On Soccer: As it emerged over the past few days that there is pretty much complete unanimity amongst the officers, elected board members and senior staff of the FAI that Fran Rooney should depart it became more or less impossible to see how the man, heralded less than 18 months ago as the future of the organisation, can remain with it even until Christmas.
Barring an almost miraculous reversal in his fortunes it seems no longer to be a case of whether he will depart but when he will go and, of course, with how much.
His impending departure may cheer the enemies he made in Merrion Square but the fact another chief executive/general secretary is to be shown the door tends to add weight to arguments that the association is unmanageable in its current form.
If the recent cycle is anything to go by then the next man to occupy the post will have a much stronger grounding in football administration and much less of a business pedigree. He will, in short, be that most maligned of creatures, a blazer, and he will be hailed as the man to help the association rebuild its battered image.
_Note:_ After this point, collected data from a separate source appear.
Lemma der_CK_dia a b c : derivable [] (Some (Imp (Box a (Imp b c)) (Imp (Dia a b) (Dia a c)))).
Proof.
  apply der_impR, der_impR, der_dia with [] [(a, Imp b c)] [] a b;
    [simpl; psolve | now apply equiv_all_single, equiv_refl | easy |].
  left. exists a, c. split; [reflexivity | split; [apply equiv_refl |]].
  apply der_impL_in with b c; [in_solve | apply der_in; in_solve | apply der_id].
Qed.

Lemma der_CEM_dia a b c : derivable [] (Some (Imp (And (Dia a b) (Dia a c)) (Dia a (And b c)))).
Proof.
  apply der_impR, der_andL_in with (Dia a b) (Dia a c); [in_solve |].
  apply der_dia with [And (Dia a b) (Dia a c)] [] [(a, b)] a c;
    [simpl; psolve | easy | now apply equiv_all_single, equiv_refl |].
  left. exists a, (And b c). split; [reflexivity | split; [apply equiv_refl |]].
  apply der_andR; apply der_in; in_solve.
Qed.

Lemma der_box_congr a r b c :
  equiv a r -> equiv b c -> derivable [] (Some (Iff (Box a b) (Box r c))).
Proof.
  intros [Ear Era] [Ebc Ecb]. apply der_andR; apply der_impR.
  - apply der_box_single with a b; [in_solve | now split | exact Ebc].
  - apply der_box_single with r c; [in_solve | now split | exact Ecb].
Qed.

Lemma der_dia_congr a r b c :
  equiv a r -> equiv b c -> derivable [] (Some (Iff (Dia a b) (Dia r c))).
Proof.
  intros [Ear Era] [Ebc Ecb]. apply der_andR; apply der_impR.
  - apply der_dia_single with a b; [in_solve | now split | exact Ebc].
  - apply der_dia_single with r c; [in_solve | now split | exact Ecb].
Qed.

Theorem hilbert_to_sequent A : ConstCKCEM A -> derivable [] (Some A).
Proof.
  induction 1.
  - apply der_impR, der_impR, der_in. in_solve.
  - apply der_impR, der_impR, der_impR.
    apply der_impL_in with a (Imp b c); [in_solve | apply der_in; in_solve |].
    apply der_impL_in with b c; [in_solve | | apply der_id].
    apply der_impL_in with a b; [in_solve | apply der_in; in_solve | apply der_id].
  - apply der_impR, der_andL_in with a b; [in_solve | apply der_in; in_solve].
  - apply der_impR, der_andL_in with a b; [in_solve | apply der_in; in_solve].
  - apply der_impR, der_impR, der_andR; apply der_in; in_solve.
  - apply der_impR, der_orR1, der_id.
  - apply der_impR, der_orR2, der_id.
  - apply der_impR, der_impR, der_impR, der_orL_in with a b; [in_solve | |].
    + apply der_impL_in with a c; [in_solve | apply der_id | apply der_id].
    + apply der_impL_in with b c; [in_solve | apply der_id | apply der_id].
  - apply der_impR, der_botL. in_solve.
  - eapply der_mp; eassumption.
  - apply der_CM_box.
  - apply der_CC_box.
  - apply der_CN_box.
  - apply der_CN_dia.
  - apply der_CK_dia.
  - apply der_box_congr; [now apply der_iff_inv | apply equiv_refl].
  - apply der_box_congr; [apply equiv_refl | now apply der_iff_inv].
  - apply der_dia_congr; [now apply der_iff_inv | apply equiv_refl].
  - apply der_dia_congr; [apply equiv_refl | now apply der_iff_inv].
  - apply der_CEM_dia.
Qed.

(** * From the calculus to ConstCKCEM *)

(** [entails [x1; ...; xn] A] is the theorem [xn -> ... -> x1 -> A]. *)
Definition entails (Gam : list form) (A : form) : Prop :=
  ConstCKCEM (fold_left (fun acc x => Imp x acc) Gam A).

Lemma entails_cons x Gam A : entails (x :: Gam) A = entails Gam (Imp x A).
Proof. reflexivity. Qed.

Lemma thm_imp_refl a : ConstCKCEM (Imp a a).
Proof.
  apply MP with (Imp a (Imp a a)); [| apply A1].
  apply MP with (Imp a (Imp (Imp a a) a)); [apply A2 | apply A1].
Qed.

Lemma entails_thm A Gam : ConstCKCEM A -> entails Gam A.
Proof.
  revert A. induction Gam as [|x Gam IH]; intros A H; [exact H |].
  rewrite entails_cons. apply IH, MP with A; [apply A1 | exact H].
Qed.

Lemma entails_mp Gam A B : entails Gam (Imp A B) -> entails Gam A -> entails Gam B.
Proof.
  revert A B. induction Gam as [|x Gam IH]; intros A B H1 H2; [eapply MP; eassumption |].
  rewrite entails_cons in *. apply IH with (Imp x A); [| exact H2].
  apply IH with (Imp x (Imp A B)); [apply entails_thm, A2 | exact H1].
Qed.

Lemma entails_imp1 Gam A B : ConstCKCEM (Imp A B) -> entails Gam A -> entails Gam B.
Proof. intros H1 H2. eapply entails_mp; [apply entails_thm; exact H1 | exact H2]. Qed.

Lemma entails_imp2 Gam A B C :
  ConstCKCEM (Imp A (Imp B C)) -> entails Gam A -> entails Gam B -> entails Gam C.
Proof. intros H1 H2 H3. eapply entails_mp; [eapply entails_imp1 |]; eassumption. Qed.

Lemma entails_weaken Gam x A : entails Gam A -> entails (x :: Gam) A.
Proof. intro H. rewrite entails_cons. eapply entails_imp1; [apply A1 | exact H]. Qed.

Lemma entails_in Gam A : In A Gam -> entails Gam A.
Proof.
  induction Gam as [|x Gam IH]; [intros [] |]; intros [-> | H].
  - rewrite entails_cons. apply entails_thm, thm_imp_refl.
  - apply entails_weaken. auto.
Qed.

Lemma entails_trans Gam Del A : entails Gam A -> (forall x, In x Gam -> entails Del x)
  -> entails Del A.
Proof.
  revert A. induction Gam as [|x Gam IH]; intros A H HD; [now apply entails_thm |].
  rewrite entails_cons in H. apply entails_mp with x; [| apply HD; now left].
  apply IH; [exact H | intros y Hy; apply HD; now right].
Qed.

Lemma entails_incl Gam Del A : entails Gam A -> incl Gam Del -> entails Del A.
Proof.
  intros H Hi. apply entails_trans with Gam; [exact H | intros x Hx; apply entails_in, Hi, Hx].
Qed.

Lemma thm_iff_intro a b : ConstCKCEM (Imp a b) -> ConstCKCEM (Imp b a) -> ConstCKCEM (Iff a b).
Proof.
  intros H1 H2. apply MP with (Imp b a); [apply MP with (Imp a b); [apply A5 |] |]; assumption.
Qed.

Lemma thm_iff_l a b : ConstCKCEM (Iff a b) -> ConstCKCEM (Imp a b).
Proof. intro H. apply MP with (Iff a b); [apply A3 | exact H]. Qed.

Lemma thm_iff_r a b : ConstCKCEM (Iff a b) -> ConstCKCEM (Imp b a).
Proof. intro H. apply MP with (Iff a b); [apply A4 | exact H]. Qed.

Lemma thm_box_antecedent phi rho sig : ConstCKCEM (Imp phi rho) -> ConstCKCEM (Imp rho phi) ->
  ConstCKCEM (Imp (Box rho sig) (Box phi sig)).
Proof. intros H1 H2. apply thm_iff_r, RA_box, thm_iff_intro; assumption. Qed.

Lemma thm_dia_antecedent phi rho sig : ConstCKCEM (Imp phi rho) -> ConstCKCEM (Imp rho phi) ->
  ConstCKCEM (Imp (Dia rho sig) (Dia phi sig)).
Proof. intros H1 H2. apply thm_iff_r, RA_dia, thm_iff_intro; assumption. Qed.

(** Via [A <-> A /\ B], RC and CM. *)
Lemma thm_box_mono phi A B : ConstCKCEM (Imp A B) -> ConstCKCEM (Imp (Box phi A) (Box phi B)).
Proof.
  intro H. assert (HI : ConstCKCEM (Iff A (And A B))).
  { apply thm_iff_intro; [| apply A3].
    change (entails [A] (And A B)). apply entails_imp2 with A B; [apply A5 | |];
      [| eapply entails_imp1; [exact H |]]; apply entails_in; now left. }
  change (entails [Box phi A] (Box phi B)).
  apply entails_imp1 with (And (Box phi A) (Box phi B)); [apply A4 |].
  apply entails_imp1 with (Box phi (And A B)); [apply CM_box |].
  apply entails_imp1 with (Box phi A); [apply thm_iff_l, RC_box, HI | apply entails_in; now left].
Qed.

Lemma entails_conj_elim L last y : In y (L ++ [last]) -> entails [fold_right And last L] y.
Proof.
  induction L as [|x L IH]; simpl; intros Hy.
  - destruct Hy as [<- | []]. apply entails_in. now left.
  - destruct Hy as [-> | Hy].
    + apply entails_imp1 with (And y (fold_right And last L)); [apply A3 | apply entails_in;
        now left].
    + apply entails_trans with [fold_right And last L]; [now apply IH |].
      intros z [<- | []]. apply entails_imp1 with (And x (fold_right And last L)); [apply A4
        | apply entails_in; now left].
Qed.

Definition thm_equiv_all (phi : form) (l : list (form * form)) : Prop :=
  forall rs, In rs l -> ConstCKCEM (Imp phi (fst rs)) /\ ConstCKCEM (Imp (fst rs) phi).

Lemma entails_box_collect Gam phi l : thm_equiv_all phi l ->
  (forall rs, In rs l -> In (Box (fst rs) (snd rs)) Gam) ->
  entails Gam (Box phi (fold_right And Top (map snd l))).
Proof.
  induction l as [|[rho sig] l IH]; intros HE HI; [apply entails_thm, CN_box |].
  simpl. apply entails_imp1 with (And (Box phi sig) (Box phi (fold_right And Top (map snd l))));
    [apply CC_box |].
  apply entails_imp2 with (Box phi sig) (Box phi (fold_right And Top (map snd l))); [apply A5 | |].
  - destruct (HE (rho, sig) (or_introl eq_refl)) as [H1 H2].
    apply entails_imp1 with (Box rho sig); [now apply thm_box_antecedent |].
    apply entails_in, (HI (rho, sig)). now left.
  - apply IH; intros rs Hrs; [apply HE | apply HI]; now right.
Qed.

Lemma entails_dia_collect Gam phi psi k : thm_equiv_all phi k ->
  (forall rs, In rs k -> In (Dia (fst rs) (snd rs)) Gam) -> entails Gam (Dia phi psi) ->
  entails Gam (Dia phi (fold_right And psi (map snd k))).
Proof.
  induction k as [|[xi chi] k IH]; intros HE HI HP; [exact HP |].
  simpl. apply entails_imp1 with (And (Dia phi chi) (Dia phi (fold_right And psi (map snd k))));
    [apply CEM_dia |].
  apply entails_imp2 with (Dia phi chi) (Dia phi (fold_right And psi (map snd k))); [apply A5 | |].
  - destruct (HE (xi, chi) (or_introl eq_refl)) as [H1 H2].
    apply entails_imp1 with (Dia xi chi); [now apply thm_dia_antecedent |].
    apply entails_in, (HI (xi, chi)). now left.
  - apply IH; [intros rs Hrs; apply HE; now right | intros rs Hrs; apply HI; now right | exact HP].
Qed.

Lemma entails_dia_rule Gam Gm l k phi psi theta :
  Permutation Gam (Gm ++ boxes l ++ dias k ++ [Dia phi psi]) ->
  thm_equiv_all phi l -> thm_equiv_all phi k ->
  entails (map snd l ++ map snd k ++ [psi]) theta -> entails Gam (Dia phi theta).
Proof.
  intros HP Hl Hk Hm.
  set (B := fold_right And Top (map snd l)). set (C := fold_right And psi (map snd k)).
  assert (HinG : forall x, In x (boxes l ++ dias k ++ [Dia phi psi]) -> In x Gam)
    by (intros x Hx; exact (Permutation_app_in_r _ _ _ _ HP Hx)).
  assert (HB : entails Gam (Box phi B)).
  { apply entails_box_collect; [exact Hl |]. intros rs Hrs. apply HinG, in_or_app. left.
    now apply in_boxes_intro. }
  assert (HC : entails Gam (Dia phi C)).
  { apply entails_dia_collect; [exact Hk | |].
    - intros rs Hrs. apply HinG. rewrite !in_app_iff. right; left. now apply in_dias_intro.
    - apply entails_in, HinG. rewrite !in_app_iff. now right; right; left. }
  assert (HBC : ConstCKCEM (Imp B (Imp C theta))).
  { change (entails [C; B] theta). apply entails_trans with (1 := Hm).
    intros y Hy. apply in_app_or in Hy as [Hy | Hy].
    - apply entails_weaken, entails_conj_elim, in_or_app. now left.
    - apply entails_incl with [C]; [now apply entails_conj_elim | apply incl_cons; [now left
        | easy]]. }
  apply entails_mp with (Dia phi C); [| exact HC].
  apply entails_imp1 with (Box phi (Imp C theta)); [apply CK_dia |].
  apply entails_imp1 with (Box phi B); [now apply thm_box_mono | exact HB].
Qed.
When his time is up (my money is on just before or just after the next World Cup, depending on whether we qualify or not) he will, in turn, be replaced by a suit.
Reports that the people who compiled the Genesis report are set to return will not inspire confidence the association's depressing slide towards laughing stockdom will be halted with this latest bout of bloodletting. But if the officers that hired Rooney now fire him, they need to make a serious and public attempt to ensure the sorry affair isn't repeated at roughly 18 month intervals.
For a start they need to restore the confidence of the organisation's many stakeholders in its finances. The results of the Sports Council audit carried out this year should be made public and Brendan Dillon and Kevin Fahy, the two officers forced out over the past year effectively for being disruptive, should be allowed, in effect, to put up or shut up.
If the books are in good order, and there has never been firm evidence to the contrary, Peter Buckley should take on the new financial director's job without further interference from the government or Sports Council. If not there will be a case for bringing in an outsider. Either way an end will be put to the damaging speculation.
At the weekend it was suggested by Rooney's camp that an outsider enjoying the confidence of the government, Phil Flynn was mentioned, be brought in as his number two until the problems are sorted. There is merit in this although the person in question should actually be put in charge while a review of the association's functions is carried out.
The idea this time should not be to figure out how to provide pampered players with a little additional comfort on their travels or how to run a medium sized office. Instead there should be a fundamental reassessment of the association's work of running a game played on a regular basis by around 10 per cent of the population. The officers should take a back seat while this is carried out and an evaluation of their roles should form part of the brief.
A couple of the present group have, publicly at least, shown little talent for much over the past few years other than self-preservation. In the case of the current president there is also evidence he is, contrary to the association's own rules, effectively working full-time for it. Contrary to media reports it seems no arrangement has been made with Heineken, his longer term employers, to facilitate this situation but only, it turns out, because nobody got around to making one.
The one officer commonly credited with contributing a great deal over the past few years, John Delaney, must also take some responsibility for the organisation's plight. Not only did he play an important part in Rooney's appointment but he used his influence to assist the chief executive dispense with some of those Rooney claimed were obstructing his work. Barely a couple of months after the last victim, Fahy, departed he appears to have concluded he backed the wrong horse.
It's possible an outsider would conclude the influence of the officer board needs to be preserved given that, however indirectly, it affords the association's membership with representation at the highest level, but it's hard to see the conventions that allow the president and vice-president to be elected on the basis of an informal rota and the latter incumbent to automatically succeed the former being permitted to persist.
There should, though, be a pay-off for the association in return for submitting itself to close external scrutiny. The government support to the association is disgracefully low given the social benefits, both existing and potential, the game offers to the population. Even including the 300,000 which the Sports Council is threatening to withhold, the 2 million due to the organisation this year is equivalent to no more than the turnover of the largest league club, Shelbourne.
The review should include an impartial assessment of the organisation's over-hyped but terribly under-funded technical plan as well a cost benefit analysis of the many other ways in which it would like to invest in the game. A commitment should be given that projects judged to provide real value for money to the taxpayer should be backed.
There are no guarantees but at the end of it all the country just might get what it deserves, a properly funded and professionally run sport more talked about for the way it enhances the lives of the many than the regularity with which it enriches the lucky few who call the shots for a short spell before being encouraged to move on and pursue other interests.